What I meant at user-space - if we can also have another function that would allow
user to specify required offset for dynfield explicitly, then user can define it as constant
value and let compiler do optimization work and hopefully generate faster code to access
this field.
Something like that:

int rte_mbuf_dynfiled_register_offset(const struct rte_mbuf_dynfield *params, size_t offset);

#define RTE_MBUF_DYNFIELD_OFFSET(fld, off)  (offsetof(struct rte_mbuf, fld) + (off))

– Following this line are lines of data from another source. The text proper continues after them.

Lemma uprob_top_id_mx_tail_free d : (l + d)%N = N ->
  uprob _ (fun MM : 'M[F]_d * 'M[F]_(d, l) => MM.1 \in unitmx)
          (fun MM => [forall j : 'I_l.+1,
                        (kermx (A *m top_id_mx N MM *m keep_mx N l s j) == T j)%MS])
  = uprob _ (tail_free l) out_event.
Proof.
move=> ldN; rewrite -uprob_unit_top_id_tail_free.
apply: uprob_bij (top_id_mx_inj ldN) _ (top_id_mx_onto ldN) => MM.
by rewrite unit_top_id_mx.
Qed.

End SubspaceDistributions.

Lemma row_full_conform_block (F : fieldType) (l m d n N : nat)
    (B : 'M[F]_(m, l)) (C : 'M[F]_(m, d)) :
  (l + m)%N = n -> (l + d)%N = N -> \rank C = d ->
  row_full (conform_mx (0 : 'M[F]_(n, N)) (block_mx 1%:M 0 B C)).
Proof.
move=> lmn ldN rkC; case: n / lmn; case: N / ldN; rewrite conform_mx_id.
have /row_fullP[L LC] : row_full C by rewrite /row_full rkC.
apply/row_fullP; exists (block_mx 1%:M 0 (- (L *m B)) L).
rewrite mulmx_block !mul1mx !mul0mx !addr0 mulmx0 add0r LC mulNmx mulmx1 addNr.
by rewrite -scalar_mx_block.
Qed.

Lemma tr_ColSpanSel m k (A : 'M['F_2]_(m, k)) (P : pred nat) :
  (ColSpanSel m k A P)^T = A *m sel_mx (fun j : 'I_k => P j.+1).
Proof.
apply/matrixP => i j; rewrite /sel_mx mul_mx_diag !mxE.
by case: (P j.+1); rewrite ?mulr1 ?mulr0.
Qed.

Lemma Sj_kermx n r l (A : 'M['F_2]_(n, n - r)) (j : 'I_l.+1) :
  Sj n r l A j = kermx (A *m copid_mx j).
Proof.
rewrite /Sj /perpmx /ColSpanRange tr_ColSpanSel copid_mx_sel; congr (kermx (A *m _)).
by apply: eq_sel_mx => k /=; have := ltn_ord k; lia.
Qed.

Lemma out2_kermx n r s l (A : 'M['F_2]_(n, n - r)) MM (j : 'I_l.+1) :
  out2 n r s l A MM j = kermx (A *m top_id_mx (n - r) MM *m keep_mx (n - r) l s j).
Proof.
rewrite /out2 /perpmx tr_ColSpanSel; congr (kermx (_ *m _)).
by apply: eq_sel_mx => k /=; have := ltn_ord k; lia.
Qed.

Theorem mainTheorem2 (n r s l : nat)
    (B : 'M['F_2]_(n - l, l)) (C : 'M['F_2]_(n - l, n - r - l)) :
  (0 < n)%N -> (0 < r)%N -> (0 < s)%N -> (0 < l)%N -> (r + s + l <= n)%N ->
  \rank C = (n - r - l)%N ->
  forall T : 'I_l.+1 -> 'M['F_2]_n,
    uprob _ (good1 n r s l (Amx n r l B C))
          (fun V => [forall j, (out1 n r s l (Amx n r l B C) V j == T j)%MS])
    = uprob _ (good2 n r l)
          (fun MM => [forall j, (out2 n r s l (Amx n r l B C) MM j == T j)%MS]).
Proof.
move=> _ _ _ _ rsl_n rkC T; set A := Amx n r l B C.
have lsN : (l + s <= n - r)%N by lia.
have ldN : (l + (n - r - l))%N = (n - r)%N by lia.
have A_full : row_full A by apply: row_full_conform_block rkC; lia.
transitivity
  (uprob _ (tail_free l)
     (fun R : 'M['F_2]_(s, n - r) => [forall j : 'I_l.+1, (out_mx A j R == T j)%MS])).
  rewrite -(uprob_vectors_tail_free T A_full lsN); apply: uprob_congr => [V | V _].
    by rewrite /good1 Sj_kermx.
  by apply: eq_forallb => j; rewrite /out1 Sj_kermx.
rewrite -(uprob_top_id_mx_tail_free A T lsN ldN); apply: uprob_congr => [MM | MM _].
  by [].
by apply: eq_forallb => j; rewrite out2_kermx.
Qed.
(* Let $(X,\mathcal{E})$ be an unbounded discrete ballean. The following conditions are equivalent: (1) $(X,\mathcal{E})$ is ultradiscrete; (2) $(X,\mathcal{E})$ is extremely normal; (3) $(X,\mathcal{E})$ is ultranormal; (4) $(X,\mathcal{E})$ is maximal and irresolvable.
   Context: A ballean $(X,\mathcal{E})$ is a set with a coarse structure (a family of subsets of $X\times X$ each containing the diagonal, closed under composition, inverses, and taking subsets containing the diagonal, and covering every pair of points). $E[x]=\{y:(x,y)\in E\}$, $E[A]=\bigcup_{a\in A}E[a]$. $Y$ is bounded if $Y\subseteq E[x]$ for some $x$ and $E\in\mathcal{E}$; $\mathcal{B}_X$ denotes the family of bounded sets. $A$ is large if $X=E[A]$ for some $E\in\mathcal{E}$. Subsets $Y,Z$ are asymptotically disjoint if $E[Y]\cap E[Z]$ is bounded for every $E\in\mathcal{E}$. An unbounded ballean is ultranormal if no two unbounded subsets are asymptotically disjoint; extremely normal if every unbounded subset is large; maximal if $X$ is bounded with respect to every coarse structure strictly containing $\mathcal{E}$; irresolvable if $X$ cannot be partitioned into two large subsets. The ballean is discrete if for every $E\in\mathcal{E}$ there is a bounded $B$ with $E[x]=\{x\}$ for all $x\in X\setminus B$. An unbounded discrete ballean is ultradiscrete if $\{X\setminus B: B\in\mathcal{B}_X\}$ is an ultrafilter on $X$. *)

Set Implicit Arguments.

Section Ballean.
Variable X : Type.

Definition rel := X -> X -> Prop.
Definition coarse_family := rel -> Prop.

(* E[x] = {y : (x,y) in E};  E[A] = union of E[a], a in A *)
Definition ball (E : rel) (x : X) : X -> Prop := fun y => E x y.
Definition ballA (E : rel) (A : X -> Prop) : X -> Prop :=
  fun y => exists a, A a /\ E a y.

Definition contains_diag (E : rel) : Prop := forall x, E x x.
Definition comp (E F : rel) : rel := fun x z => exists y, E x y /\ F y z.
Definition inv (E : rel) : rel := fun x y => E y x.

Definition coarse_structure (EE : coarse_family) : Prop :=
  (forall E, EE E -> contains_diag E) /\
  (forall E F, EE E -> EE F -> EE (comp E F)) /\
  (forall E, EE E -> EE (inv E)) /\
  (forall E E', EE E -> contains_diag E' -> (forall x y, E' x y -> E x y) -> EE E') /\
  (forall x y, exists E, EE E /\ E x y).

Definition bounded (EE : coarse_family) (Y : X -> Prop) : Prop :=
  exists x E, EE E /\ forall y, Y y -> ball E x y.

Definition unbounded_ballean (EE : coarse_family) : Prop :=
  ~ bounded EE (fun _ => True).
Lemma chain_start_bounds i : i <= T -> 2 * b * i <= u i <= 2 * b * i + b.
Proof.
move=> le_iT; have := @chain_start_ge 0 i le_iT; have := chain_end (leqnn T).
have := @chain_start_ge i (T - i); rewrite subnKC // => /(_ (leqnn T)).
have -> : T = i + (T - i) by rewrite subnKC.
by move: (T - i) => d; rewrite !add0n mulnDr !mulnDl; nia.
Qed.

Lemma chain_busy_high m r : b <= r < 2 * b -> 2 * b * m + r < (2 * T + 3) * b ->
  ~ chain_idle (2 * b * m + r).
Proof.
move=> /andP[ler ltr] lt_end idle; have le_mT : m <= T by nia.
by move: (idle m le_mT); have := chain_start_bounds le_mT; lia.
Qed.

Lemma chain_idle_unique z m m' : z < b -> m <= T.+1 -> m' <= T.+1 ->
  chain_idle (2 * b * m + z) -> chain_idle (2 * b * m' + z) -> m = m'.
Proof.
move=> ltzb; wlog lt_mm' : m m' / m < m'.
  move=> wlog_lt le_m le_m' idle idle'.
  by case: (ltngtP m m') => [lt|lt|//]; [|symmetry]; apply: wlog_lt.
case: m' lt_mm' => // n le_mn _ le_nT idle idle'.
have le_mT : m <= T by lia.
have late : 2 * b * m + z < u m.
  by move: (idle m le_mT); have := chain_start_bounds le_mT; lia.
have := @chain_start_ge m (n - m); rewrite subnKC // => /(_ le_nT).
move: (idle' n le_nT); have := chain_start_bounds le_nT.
rewrite mulnBr mulnS; nia.
Qed.

(* The idle time is at the first index m where job m starts after 2bm + z. *)
Lemma chain_idle_exists z : z < b -> exists2 m, m <= T.+1 & chain_idle (2 * b * m + z).
Proof.
move=> ltzb.
have late_ex : exists m, (T < m) || (2 * b * m + z < u m) by exists T.+1; rewrite ltnSn.
case: (ex_minnP late_ex) => m late_m first_late.
have le_mT1 : m <= T.+1 by apply: first_late; rewrite ltnSn.
exists m => // i le_iT; rewrite negb_and -ltnNge -leqNgt.
case: (ltnP i m) => [lt_im | le_mi].
- have : ~~ ((T < i) || (2 * b * i + z < u i)).
    by apply/negP => /first_late; lia.
  have := leq_mul (leqnn (2 * b)) lt_im.
  by rewrite negb_or -leqNgt mulnS => ? /andP[_ ?]; apply/orP; right; lia.
- apply/orP; left; have le_mT : m <= T by lia.
  move: late_m; rewrite ltnNge le_mT /= => late_m.
  by have := @chain_start_ge m (i - m); rewrite subnKC // => /(_ ltac:(lia)); lia.
Qed.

And then somewhere in user code:

/* to let say reserve first 4B in dynfield1*/
#define MBUF_DYNFIELD_A	RTE_MBUF_DYNFIELD_OFFSET(dynfiled1, 0)
...
params.name = RTE_STR(MBUF_DYNFIELD_A);
params.size = sizeof(uint32_t);
params.align = sizeof(uint32_t);
ret = rte_mbuf_dynfiled_register_offset(&params, MBUF_DYNFIELD_A);
if (ret != MBUF_DYNFIELD_A)  {
     /* handle it somehow, probably just terminate gracefully... */
}
...

/* to let say reserve last 2B in dynfield2*/
#define MBUF_DYNFIELD_B	RTE_MBUF_DYNFIELD_OFFSET(dynfiled2, 6)
...
params.name = RTE_STR(MBUF_DYNFIELD_B);
params.size = sizeof(uint16_t);
params.align = sizeof(uint16_t);
ret = rte_mbuf_dynfiled_register_offset(&params, MBUF_DYNFIELD_B);

After that user can use constant offsets MBUF_DYNFIELD_A/ MBUF_DYNFIELD_B
to access these fields.
Same thoughts for DYNFLAG.

> +{
> +	struct mbuf_dynfield_list *mbuf_dynfield_list;
> +	struct mbuf_dynfield_elt *mbuf_dynfield = NULL;
> +	struct rte_tailq_entry *te = NULL;
> +	int offset, ret;

size_t offset
to avoid explicit conversions, etc.?

> +	size_t i;
> +
> +	if (shm == NULL && init_shared_mem() < 0)
> +		goto fail;

As I understand, here you allocate/initialize your shm without any lock protection,
though later you protect it via  rte_mcfg_tailq_write_lock().
That seems a bit flakey to me.
Why not to store information about free dynfield bytes inside mbuf_dynfield_tailq?
Let say  at init() create and add an entry into that list with some reserved name.
Then at register - grab mcfg_tailq_write_lock and do lookup
for such entry and then read/update it as needed.
It would help to avoid racing problem, plus you wouldn't need to
allocate/lookup for memzone.  


> +	if (params->size >= sizeof(struct rte_mbuf)) {
> +		rte_errno = EINVAL;
> +		goto fail;
> +	}
> +	if (!rte_is_power_of_2(params->align)) {
> +		rte_errno = EINVAL;
> +		goto fail;
> +	}
> +	if (params->flags != 0) {
> +		rte_errno = EINVAL;
> +		goto fail;
> +	}
> +
> +	rte_mcfg_tailq_write_lock();
> +

I think it probably would be cleaner and easier to read/maintain, if you'll put actual
code under lock protection into a separate function - as you did for __mbuf_dynfield_lookup().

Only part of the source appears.